> **Problem requirements**:
Please give every entry again, exactly as it reads.

> **Data section**:
————

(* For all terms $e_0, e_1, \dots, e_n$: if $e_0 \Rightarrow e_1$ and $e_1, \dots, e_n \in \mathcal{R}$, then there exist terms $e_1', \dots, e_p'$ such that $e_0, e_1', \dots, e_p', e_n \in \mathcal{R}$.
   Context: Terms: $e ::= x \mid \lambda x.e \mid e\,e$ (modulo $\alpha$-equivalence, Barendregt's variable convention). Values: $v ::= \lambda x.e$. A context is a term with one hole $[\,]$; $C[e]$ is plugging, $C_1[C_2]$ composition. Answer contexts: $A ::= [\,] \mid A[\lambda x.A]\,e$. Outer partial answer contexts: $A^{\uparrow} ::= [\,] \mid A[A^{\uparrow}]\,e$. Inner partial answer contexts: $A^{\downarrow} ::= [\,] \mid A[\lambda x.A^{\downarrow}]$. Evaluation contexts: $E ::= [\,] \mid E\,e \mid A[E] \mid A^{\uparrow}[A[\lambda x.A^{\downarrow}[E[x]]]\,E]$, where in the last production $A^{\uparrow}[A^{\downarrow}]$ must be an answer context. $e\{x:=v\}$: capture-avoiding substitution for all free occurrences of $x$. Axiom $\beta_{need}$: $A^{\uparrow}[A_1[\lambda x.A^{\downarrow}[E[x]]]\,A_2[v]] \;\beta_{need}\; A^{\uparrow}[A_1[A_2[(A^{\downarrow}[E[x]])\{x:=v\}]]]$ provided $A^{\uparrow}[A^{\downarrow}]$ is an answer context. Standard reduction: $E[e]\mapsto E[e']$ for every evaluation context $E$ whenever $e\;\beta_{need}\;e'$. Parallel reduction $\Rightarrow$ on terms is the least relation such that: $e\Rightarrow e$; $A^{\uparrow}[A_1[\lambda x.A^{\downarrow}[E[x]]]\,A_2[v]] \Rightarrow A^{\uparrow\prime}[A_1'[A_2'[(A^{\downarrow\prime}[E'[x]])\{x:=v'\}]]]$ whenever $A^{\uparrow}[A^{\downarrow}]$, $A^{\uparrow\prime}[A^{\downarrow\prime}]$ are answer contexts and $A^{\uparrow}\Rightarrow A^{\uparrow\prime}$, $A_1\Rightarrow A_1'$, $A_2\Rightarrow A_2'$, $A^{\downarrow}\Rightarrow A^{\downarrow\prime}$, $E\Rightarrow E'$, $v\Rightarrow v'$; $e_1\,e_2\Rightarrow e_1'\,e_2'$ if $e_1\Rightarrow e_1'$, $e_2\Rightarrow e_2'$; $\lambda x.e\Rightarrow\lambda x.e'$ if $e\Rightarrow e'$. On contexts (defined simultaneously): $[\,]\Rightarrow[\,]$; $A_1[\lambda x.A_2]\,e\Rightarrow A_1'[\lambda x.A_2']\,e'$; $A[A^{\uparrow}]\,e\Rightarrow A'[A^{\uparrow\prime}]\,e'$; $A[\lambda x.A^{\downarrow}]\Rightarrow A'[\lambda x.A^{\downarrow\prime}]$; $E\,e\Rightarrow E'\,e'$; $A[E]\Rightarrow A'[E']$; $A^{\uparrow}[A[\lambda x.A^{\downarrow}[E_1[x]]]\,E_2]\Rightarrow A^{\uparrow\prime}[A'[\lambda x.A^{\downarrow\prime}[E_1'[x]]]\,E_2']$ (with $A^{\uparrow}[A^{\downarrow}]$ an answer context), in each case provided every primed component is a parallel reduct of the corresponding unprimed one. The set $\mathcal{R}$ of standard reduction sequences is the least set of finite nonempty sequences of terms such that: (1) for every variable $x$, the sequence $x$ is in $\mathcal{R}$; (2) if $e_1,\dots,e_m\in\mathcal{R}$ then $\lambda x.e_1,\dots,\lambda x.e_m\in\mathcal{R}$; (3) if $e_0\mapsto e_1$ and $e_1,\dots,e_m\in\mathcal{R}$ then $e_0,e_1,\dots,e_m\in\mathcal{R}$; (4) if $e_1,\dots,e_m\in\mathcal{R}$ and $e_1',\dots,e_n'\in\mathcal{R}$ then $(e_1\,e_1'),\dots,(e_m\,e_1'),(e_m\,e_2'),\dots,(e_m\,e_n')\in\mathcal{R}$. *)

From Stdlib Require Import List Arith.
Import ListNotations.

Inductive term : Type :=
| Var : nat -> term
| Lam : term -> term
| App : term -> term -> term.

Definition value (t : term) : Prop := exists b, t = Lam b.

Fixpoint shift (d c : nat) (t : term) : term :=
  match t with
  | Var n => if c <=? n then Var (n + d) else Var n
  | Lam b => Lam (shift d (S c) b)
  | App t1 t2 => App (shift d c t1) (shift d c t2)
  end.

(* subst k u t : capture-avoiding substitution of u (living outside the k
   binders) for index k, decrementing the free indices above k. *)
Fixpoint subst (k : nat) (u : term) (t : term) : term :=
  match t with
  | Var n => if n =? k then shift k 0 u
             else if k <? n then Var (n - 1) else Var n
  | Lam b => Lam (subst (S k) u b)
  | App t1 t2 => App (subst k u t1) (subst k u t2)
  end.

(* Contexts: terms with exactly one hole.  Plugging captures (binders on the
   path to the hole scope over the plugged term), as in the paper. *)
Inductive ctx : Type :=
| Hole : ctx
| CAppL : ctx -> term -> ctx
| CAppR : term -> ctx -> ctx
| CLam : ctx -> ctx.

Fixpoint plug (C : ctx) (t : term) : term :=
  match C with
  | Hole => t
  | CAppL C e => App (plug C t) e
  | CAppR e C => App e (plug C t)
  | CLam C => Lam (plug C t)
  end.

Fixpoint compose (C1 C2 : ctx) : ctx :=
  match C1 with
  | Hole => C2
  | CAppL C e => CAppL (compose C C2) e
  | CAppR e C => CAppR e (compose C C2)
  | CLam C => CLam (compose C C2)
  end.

————

> **Exercise result**:
(* For all terms $e_0, e_1, \dots, e_n$: if $e_0 \Rightarrow e_1$ and $e_1, \dots, e_n \in \mathcal{R}$, then there exist terms $e_1', \dots, e_p'$ such that $e_0, e_1', \dots, e_p', e_n \in \mathcal{R}$.
   Context: Terms: $e ::= x \mid \lambda x.e \mid e\,e$ (modulo $\alpha$-equivalence, Barendregt's variable convention). Values: $v ::= \lambda x.e$. A context is a term with one hole $[\,]$; $C[e]$ is plugging, $C_1[C_2]$ composition. Answer contexts: $A ::= [\,] \mid A[\lambda x.A]\,e$. Outer partial answer contexts: $A^{\uparrow} ::= [\,] \mid A[A^{\uparrow}]\,e$. Inner partial answer contexts: $A^{\downarrow} ::= [\,] \mid A[\lambda x.A^{\downarrow}]$. Evaluation contexts: $E ::= [\,] \mid E\,e \mid A[E] \mid A^{\uparrow}[A[\lambda x.A^{\downarrow}[E[x]]]\,E]$, where in the last production $A^{\uparrow}[A^{\downarrow}]$ must be an answer context. $e\{x:=v\}$: capture-avoiding substitution for all free occurrences of $x$. Axiom $\beta_{need}$: $A^{\uparrow}[A_1[\lambda x.A^{\downarrow}[E[x]]]\,A_2[v]] \;\beta_{need}\; A^{\uparrow}[A_1[A_2[(A^{\downarrow}[E[x]])\{x:=v\}]]]$ provided $A^{\uparrow}[A^{\downarrow}]$ is an answer context. Standard reduction: $E[e]\mapsto E[e']$ for every evaluation context $E$ whenever $e\;\beta_{need}\;e'$. Parallel reduction $\Rightarrow$ on terms is the least relation such that: $e\Rightarrow e$; $A^{\uparrow}[A_1[\lambda x.A^{\downarrow}[E[x]]]\,A_2[v]] \Rightarrow A^{\uparrow\prime}[A_1'[A_2'[(A^{\downarrow\prime}[E'[x]])\{x:=v'\}]]]$ whenever $A^{\uparrow}[A^{\downarrow}]$, $A^{\uparrow\prime}[A^{\downarrow\prime}]$ are answer contexts and $A^{\uparrow}\Rightarrow A^{\uparrow\prime}$, $A_1\Rightarrow A_1'$, $A_2\Rightarrow A_2'$, $A^{\downarrow}\Rightarrow A^{\downarrow\prime}$, $E\Rightarrow E'$, $v\Rightarrow v'$; $e_1\,e_2\Rightarrow e_1'\,e_2'$ if $e_1\Rightarrow e_1'$, $e_2\Rightarrow e_2'$; $\lambda x.e\Rightarrow\lambda x.e'$ if $e\Rightarrow e'$. On contexts (defined simultaneously): $[\,]\Rightarrow[\,]$; $A_1[\lambda x.A_2]\,e\Rightarrow A_1'[\lambda x.A_2']\,e'$; $A[A^{\uparrow}]\,e\Rightarrow A'[A^{\uparrow\prime}]\,e'$; $A[\lambda x.A^{\downarrow}]\Rightarrow A'[\lambda x.A^{\downarrow\prime}]$; $E\,e\Rightarrow E'\,e'$; $A[E]\Rightarrow A'[E']$; $A^{\uparrow}[A[\lambda x.A^{\downarrow}[E_1[x]]]\,E_2]\Rightarrow A^{\uparrow\prime}[A'[\lambda x.A^{\downarrow\prime}[E_1'[x]]]\,E_2']$ (with $A^{\uparrow}[A^{\downarrow}]$ an answer context), in each case provided every primed component is a parallel reduct of the corresponding unprimed one. The set $\mathcal{R}$ of standard reduction sequences is the least set of finite nonempty sequences of terms such that: (1) for every variable $x$, the sequence $x$ is in $\mathcal{R}$; (2) if $e_1,\dots,e_m\in\mathcal{R}$ then $\lambda x.e_1,\dots,\lambda x.e_m\in\mathcal{R}$; (3) if $e_0\mapsto e_1$ and $e_1,\dots,e_m\in\mathcal{R}$ then $e_0,e_1,\dots,e_m\in\mathcal{R}$; (4) if $e_1,\dots,e_m\in\mathcal{R}$ and $e_1',\dots,e_n'\in\mathcal{R}$ then $(e_1\,e_1'),\dots,(e_m\,e_1'),(e_m\,e_2'),\dots,(e_m\,e_n')\in\mathcal{R}$. *)

From Stdlib Require Import List Arith.
Import ListNotations.

Inductive term : Type :=
| Var : nat -> term
| Lam : term -> term
| App : term -> term -> term.

Definition value (t : term) : Prop := exists b, t = Lam b.

Fixpoint shift (d c : nat) (t : term) : term :=
  match t with
  | Var n => if c <=? n then Var (n + d) else Var n
  | Lam b => Lam (shift d (S c) b)
  | App t1 t2 => App (shift d c t1) (shift d c t2)
  end.

(* subst k u t : capture-avoiding substitution of u (living outside the k
   binders) for index k, decrementing the free indices above k. *)
Fixpoint subst (k : nat) (u : term) (t : term) : term :=
  match t with
  | Var n => if n =? k then shift k 0 u
             else if k <? n then Var (n - 1) else Var n
  | Lam b => Lam (subst (S k) u b)
  | App t1 t2 => App (subst k u t1) (subst k u t2)
  end.

(* Contexts: terms with exactly one hole.  Plugging captures (binders on the
   path to the hole scope over the plugged term), as in the paper. *)
Inductive ctx : Type :=
| Hole : ctx
| CAppL : ctx -> term -> ctx
| CAppR : term -> ctx -> ctx
| CLam : ctx -> ctx.

Fixpoint plug (C : ctx) (t : term) : term :=
  match C with
  | Hole => t
  | CAppL C e => App (plug C t) e
  | CAppR e C => App e (plug C t)
  | CLam C => Lam (plug C t)
  end.

Fixpoint compose (C1 C2 : ctx) : ctx :=
  match C1 with
  | Hole => C2
  | CAppL C e => CAppL (compose C C2) e
  | CAppR e C => CAppR e (compose C C2)
  | CLam C => CLam (compose C C2)
  end.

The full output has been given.